Items listed in a dataset

┄┄┄┄┄┄

Lemma carries_widen (K K' : set fn) (A A' S T : set C) :
  K `<=` K' -> A `<=` A' -> carries K A S T -> carries K' A' S T.
Proof.
by move=> KK' AA' [g [Kg gA gST]]; exists g; split=> // [|x /gA]; [exact: KK'|exact: AA'].
Qed.

Lemma carries_trans (K : set fn) (A S T R : set C) : is_homeo_group K ->
  carries K A S T -> carries K A T R -> carries K A S R.
Proof.
move=> hK [g [Kg gA gST]] [h [Kh hA hTR]].
by exists (h \o g); split=> [||x /gST /hTR //]; [exact: grp_comp|exact: supp_comp].
Qed.

Lemma carries_compl (K : set fn) (A S T : set C) : is_homeo_group K ->
  carries K A S T -> carries K A (A `\` T) (A `\` S).
Proof.
move=> hK [g [Kg gA gST]]; have [gi [Kgi gig ggi]] := grp_inv hK Kg.
exists gi; split=> // [|x [Ax nTx]]; first exact: supp_inv gig gA.
split; first exact: maps_in ggi (supp_inv gig gA) Ax.
by move=> /gST; rewrite ggi.
Qed.

(* Vigour without the non-degeneracy side conditions of its definition: B
   may be empty and E may be all of A (the identity then works); only a point
   of A outside B is required. *)
Lemma carries_vigorous (K : set fn) (D A B E : set C) : vigorous K D -> K id ->
  clopen A -> A `<=` D -> clopen B -> B `<=` A -> A `\` B !=set0 ->
  clopen E -> E !=set0 -> E `<=` A -> carries K A B E.
Proof.
move=> vK Kid cA AD cB BA [a [Aa nBa]] cE E0 EA.
have [[b Bb]|B0] := pselect (B !=set0); last first.
  by exists id; split=> // x Bx; exfalso; apply: B0; exists x.
have [AE|/nonsubset [e [Ae nEe]]] := pselect (A `<=` E).
  by exists id; split=> // x /BA /AE.
have [g [Kg [gA gBE]]] := vK A B E cA (ex_intro _ a Aa) AD cB (ex_intro _ b Bb)
  (conj BA (fun AB => nBa (AB a Aa))) cE E0 (conj EA (fun AE => nEe (AE e Ae))).
by exists g; split=> // x Bx; apply: gBE; exists x.
Qed.

Lemma nontrivial_in (K : set fn) (D W : set C) : vigorous K D -> K id ->
  clopen W -> W `<=` D -> W !=set0 ->
  exists g q, [/\ K g, supp g `<=` W & g q <> q].
Proof.
move=> vK Kid cW WD W0.
have [Z [cZ [b [Wb Zb]] [e [We nZe]]]] := split_clopen cW W0.
have [g [Kg gW gmoves]] : carries K W (W `&` Z) (W `\` Z).
  apply: (carries_vigorous vK Kid cW WD (clopenI cW cZ) (@subIsetl _ W Z) _
    (clopenD cW cZ) _ (@subDsetl _ W Z)); first by exists e; split=> // -[].
  by exists e.
by exists g, b; split=> // gb; case: (gmoves b (conj Wb Zb)); rewrite gb.
Qed.

Section Bridge.
Variables (U V : set C) (G H Gm : set fn).
Hypotheses (cU : clopen U) (cV : clopen V) (UV0 : U `&` V !=set0).
Hypotheses (hG : is_homeo_group G) (hH : is_homeo_group H) (hM : is_homeo_group Gm).
Hypotheses (GM : G `<=` Gm) (HM : H `<=` Gm) (vG : vigorous G U) (vH : vigorous H V).
Variable A : set C.
Hypotheses (cA : clopen A) (AUV : A `<=` U `|` V).
Hypotheses (P0 : A `\` V !=set0) (Q0 : A `\` U !=set0).

(* With P := A \ V, Q := A \ U and X := U & V, take
   k in G supported in P | X with k(X) in P, and h in H supported in X | Q
   pushing (X | Q) \ Z into X.  The conjugate k h k^-1 is supported in
   k(X | Q), which lies in P | Q and so in A, and it pushes everything of A
   outside Z into A & U: the part of Q outside Z travels through X into P. *)
Lemma bridge (Z : set C) : clopen Z -> Z !=set0 -> Z `<=` A `\` U ->
  carries Gm A (A `\` Z) (A `&` U).
Proof.
move=> cZ [z Zz] ZQ.
pose P := A `\` V; pose Q := A `\` U; pose X := U `&` V.
have PU : P `<=` U by move=> x [/AUV [] // Vx /(_ Vx)].
have QnPX : forall w, Q w -> ~ (P `|` X) w by move=> w [_ nUw] [/PU|[]].
have [p0 Pp0] := P0.
have [k [Gk kPX kXP]] : carries G (P `|` X) X P.
  apply: (carries_vigorous vG (grp_id hG)).
  - exact: clopenU (clopenD cA cV) (clopenI cU cV).
  - by move=> x [/PU|[]].
  - exact: clopenI cU cV.
  - exact: subsetUr.
  - by exists p0; split; [left|case=> _ /Pp0.2].
  - exact: clopenD cA cV.
  - exact: P0.
  - exact: subsetUl.
have [h [Hh hXQ hXQZ]] : carries H (X `|` Q) ((X `|` Q) `\` Z) X.
  apply: (carries_vigorous vH (grp_id hH)).
  - exact: clopenU (clopenI cU cV) (clopenD cA cU).
  - by move=> x [[]|[/AUV [] // Ux /(_ Ux)]].
  - exact: clopenD (clopenU (clopenI cU cV) (clopenD cA cU)) cZ.
  - exact: subDsetl.
  - by exists z; split=> [|[_ /(_ Zz)]] //; right; exact: ZQ.
  - exact: clopenI cU cV.
  - exact: UV0.
  - exact: subsetUl.
have [ki [Gki kik kki]] := grp_inv hG Gk.
have kfix := iffLR (suppP _ _) kPX.
have kifix := iffLR (suppP _ _) (supp_inv kik kPX).
exists (k \o h \o ki); split.
- exact: grp_comp hM (GM Gki) (grp_comp hM (HM Hh) (GM Gk)).
- move=> y /(supp_conj kki) [w /hXQ [Xw|Qw] <-]; first exact: (kXP w Xw).1.
  by rewrite kfix; [exact: Qw.1|exact: QnPX].
move=> y [Ay nZy] /=.
have [wXQZ|nwXQZ] := pselect (((X `|` Q) `\` Z) (ki y)).
  by have [Akhw nVkhw] := kXP _ (hXQZ _ wXQZ); split=> //; exact: PU.
have [XQw|nXQw] := pselect ((X `|` Q) (ki y)).
  have Zw : Z (ki y) by apply: contrapT => nZw; exact: nwXQZ.
  by case: nZy; rewrite -(kki y) kfix //; apply: QnPX; exact: ZQ.
rewrite (iffLR (suppP _ _) hXQ _ nXQw) kki; split=> //.
apply: contrapT => nUy; apply: nXQw; right.
by rewrite kifix; [split|apply: QnPX].
Qed.

(* The image t(R) of a clopen R in A \ Z under the bridge element t for Z is
   a clopen subset of A & U, which misses t(R') for any non-empty R'
   disjoint from R; so it is a proper subset on which G acts vigorously. *)
Lemma bridge_image (Z R R' : set C) : clopen Z -> Z !=set0 -> Z `<=` A `\` U ->
  clopen R -> R `<=` A `\` Z -> R' `<=` (A `\` Z) `\` R -> R' !=set0 ->
  exists S, [/\ clopen S, S `<=` A `&` U, (A `&` U) `\` S !=set0 & carries Gm A R S].
Proof.
move=> cZ Z0 ZQ cR RAZ R'R [r' R'r'].
have [t [Mt tA tU]] := bridge cZ Z0 ZQ.
have [ti [Mti tit _]] := grp_inv hM Mt.
exists ((A `&` U) `&` ti @^-1` R); split.
- exact: clopenI (clopenI cA cU) (preimage_clopen cR (grp_cont hM Mti)).
- exact: subIsetl.
- have [AZr' nRr'] := R'R _ R'r'.
  by exists (t r'); split; [exact: tU AZr'|rewrite /= tit => -[]].
- by exists t; split=> // x Rx; split; [exact: tU (RAZ _ Rx)|rewrite /= tit].
Qed.
Theorem theorem4p6 (gT sT : finGroupType) (G : {group gT}) (c n : nat)
    (g : n.-tuple gT) (Gs : {group sT}) (gs : n.-tuple sT)
    (pi : {morphism Gs >-> gT}) :
  0 < c ->
  Fclass G c ->
  G :=: <<[set y in g]>> ->
  is_covering_group G g gs pi ->
  forall (hT : finGroupType) (H : {group hT}),
    descendant G c H ->
    exists U : {group sT}, allowable pi c U /\ H \isog Gs / U.
Proof.
move=> c_gt0 _ genG [[genGs pi_gs cKF _] univ] hT H [[nu_c1 ntH] isoHG].
have ntN := ntH c (ltnSn c).
have [q kerq qH] := quotient_isog_morphism (Fseries_normal H c) isoHG.
have sKPhi := descendant_ker_sub_Phi c_gt0 kerq.
have [h genH q_h] := lift_gen_tuple sKPhi (etrans qH genG).
have ccH := descendant_cover_cond c_gt0 nu_c1 kerq qH genH q_h.
have [phi phi_gs] := univ hT H h q ccH.
have qF := descendant_morphim_Fitting c_gt0 kerq qH.
exists ('ker phi)%G; split.
  exact: ker_lift_allowable genG genGs genH pi_gs q_h phi_gs qF cKF c kerq ntN.
by rewrite isog_sym -(morphim_lift genGs genH phi_gs) first_isog.
Qed.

┄┄┄┄┄┄

◆ **EXERCISE DETAILS**
Output exactly the lines between the one containing "have ntN := ntH c (ltnSn c)." and the final line above, both inclusive.

◆ **ANSWER TO THIS EXERCISE**
have ntN := ntH c (ltnSn c).
have [q kerq qH] := quotient_isog_morphism (Fseries_normal H c) isoHG.
have sKPhi := descendant_ker_sub_Phi c_gt0 kerq.
have [h genH q_h] := lift_gen_tuple sKPhi (etrans qH genG).
have ccH := descendant_cover_cond c_gt0 nu_c1 kerq qH genH q_h.
have [phi phi_gs] := univ hT H h q ccH.
have qF := descendant_morphim_Fitting c_gt0 kerq qH.
exists ('ker phi)%G; split.
  exact: ker_lift_allowable genG genGs genH pi_gs q_h phi_gs qF cKF c kerq ntN.
by rewrite isog_sym -(morphim_lift genGs genH phi_gs) first_isog.
Qed.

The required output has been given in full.